-------- Available data

(* For $i=1,2$ let $g_i\in SU(2)$ be a lift of a rotation of $S^2\cong\mathbb{C}P^1$ by an arbitrarily small angle $\epsilon_i$ (about different axes for $i=1,2$), and let \[\Upsilon_i=\{[a,g_i(a),b]\in\mathrm{Sym}^3\mathbb{C}P^1:\ a,b\in\mathbb{C}P^1\}\subset\mathrm{Sym}^3\mathbb{C}P^1\cong\mathbb{C}P^3.\] Then $\deg\Upsilon_i=4$.
   Context: $\mathrm{Sym}^3\mathbb{C}P^1$ is identified with $\mathbb{C}P^3=\mathbb{P}(S^3\mathbb{C}^2)$ by sending an unordered triple of points of $\mathbb{C}P^1$ to the (projectivized) product of the corresponding linear forms, i.e. the homogeneous cubic in two variables with those roots. $SU(2)$ acts on $\mathbb{C}P^1\cong S^2$ by rotations. The degree of a complex surface in $\mathbb{C}P^3$ is the number of its intersection points with a generic line. *)

From HB Require Import structures.
From mathcomp Require Import all_boot all_order all_algebra.
From mathcomp Require Import mpoly.
From mathcomp Require Import all_classical all_reals all_analysis.
From mathcomp Require Import complex.
Set Implicit Arguments. Unset Strict Implicit. Unset Printing Implicit Defensive.
Import Order.TTheory GRing.Theory Num.Theory.
Local Open Scope ring_scope.

Section Defs.
Variable R : realType.
Local Notation C := (complex R).

Definition is_SU2 (g : 'M[C]_2) : Prop :=
  g *m (map_mx (@conjc R) g)^T = 1%:M /\ \det g = 1.

(* The identification CP^1 = S^2 (Bloch / Hopf map): for a nonzero a in C^2,
   [a0 : a1] |-> (2 Re(conj a0 a1), 2 Im(conj a0 a1), |a0|^2 - |a1|^2) / (|a0|^2 + |a1|^2). *)
Definition bloch (a : 'cV[C]_2) : 'cV[R]_3 :=
  let a0 := a 0 0 in let a1 := a 1 0 in
  let z := conjc a0 * a1 in
  let n0 := complex.Re (conjc a0 * a0) in let n1 := complex.Re (conjc a1 * a1) in
  let N := n0 + n1 in
  \col_(k < 3) (nth 0 [:: 2 * complex.Re z / N; 2 * complex.Im z / N; (n0 - n1) / N] k).

Definition rotation_by (rho : 'M[R]_3) (eps : R) : Prop :=
  rho^T *m rho = 1%:M /\ \det rho = 1 /\ \tr rho = 1 + 2 * cos eps.

Definition lifts_rotation_by (g : 'M[C]_2) (eps : R) : Prop :=
  exists rho : 'M[R]_3, rotation_by rho eps /\
    forall a : 'cV[C]_2, a != 0 -> bloch (g *m a) = rho *m bloch a.

(* The linear form in (u,v) vanishing at the point [a0 : a1]:  a1 u - a0 v,
   encoded as its coefficient pair (coef of u, coef of v). *)
Definition linform (a : 'cV[C]_2) : C * C := (a 1 0, - a 0 0).

(* Coefficients (of u^3, u^2 v, u v^2, v^3) of the product of three linear forms:
   this is the identification Sym^3 CP^1 = P(S^3 C^2) = CP^3. *)
Definition cubic3 (l1 l2 l3 : C * C) : 'cV[C]_4 :=
  let: (x1, y1) := l1 in let: (x2, y2) := l2 in let: (x3, y3) := l3 in
  \col_(k < 4) (nth 0 [:: x1 * x2 * x3;
                         x1 * x2 * y3 + x1 * y2 * x3 + y1 * x2 * x3;
                         x1 * y2 * y3 + y1 * x2 * y3 + y1 * y2 * x3;
                         y1 * y2 * y3] k).

(* The (affine cone over the) surface Upsilon_g = { [a, g(a), b] } in CP^3. *)
Definition Upsilon (g : 'M[C]_2) (w : 'cV[C]_4) : Prop :=
  exists a b : 'cV[C]_2, a != 0 /\ b != 0 /\
    w = cubic3 (linform a) (linform (g *m a)) (linform b).

Definition proj_eq (w w' : 'cV[C]_4) : Prop := exists c : C, c != 0 /\ w' = c *: w.

Definition proj_card (S : 'cV[C]_4 -> Prop) (n : nat) : Prop :=
  exists f : 'I_n -> 'cV[C]_4,
    (forall i, f i != 0 /\ S (f i)) /\
    (forall i j, proj_eq (f i) (f j) -> i = j) /\
    (forall w, w != 0 -> S w -> exists i, proj_eq (f i) w).

Definition on_line (p q w : 'cV[C]_4) : Prop := exists s t : C, w = s *: p + t *: q.

Definition pq_coords (p q : 'cV[C]_4) : 'I_8 -> C :=
  fun i => if (i < 4)%N then p (inord i) 0 else q (inord (i - 4)) 0.

(* Degree of a surface S in CP^3: number of intersection points with a generic line,
   i.e. for all lines spanned by (p,q) outside the zero set of some nonzero polynomial
   in the 8 coordinates of (p,q) (a proper Zariski-closed set). *)
Definition has_degree (S : 'cV[C]_4 -> Prop) (d : nat) : Prop :=
  exists P : {mpoly C[8]}, P != 0 /\
    forall p q : 'cV[C]_4, P.@[pq_coords p q] != 0 ->
      proj_card (fun w => on_line p q w /\ S w) d.

End Defs.

From HB Require Import structures.
From mathcomp Require Import all_boot all_order all_algebra.
From mathcomp Require Import mpoly.
From mathcomp Require Import all_classical all_reals all_analysis.
From mathcomp Require Import complex separable ring lra.
Set Implicit Arguments. Unset Strict Implicit. Unset Printing Implicit Defensive.
Import Order.TTheory GRing.Theory Num.Theory.
Local Open Scope ring_scope.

----------------

» **Your instructions**
From the records above, give again exactly the lines running from the line with "let N := n0 + n1 in" to the line with "forall a : 'cV[C]_2, a", inclusive.

» **Solution to this exercise**
  let N := n0 + n1 in
  \col_(k < 3) (nth 0 [:: 2 * complex.Re z / N; 2 * complex.Im z / N; (n0 - n1) / N] k).

Definition rotation_by (rho : 'M[R]_3) (eps : R) : Prop :=
  rho^T *m rho = 1%:M /\ \det rho = 1 /\ \tr rho = 1 + 2 * cos eps.

Definition lifts_rotation_by (g : 'M[C]_2) (eps : R) : Prop :=
  exists rho : 'M[R]_3, rotation_by rho eps /\
    forall a : 'cV[C]_2, a != 0 -> bloch (g *m a) = rho *m bloch a.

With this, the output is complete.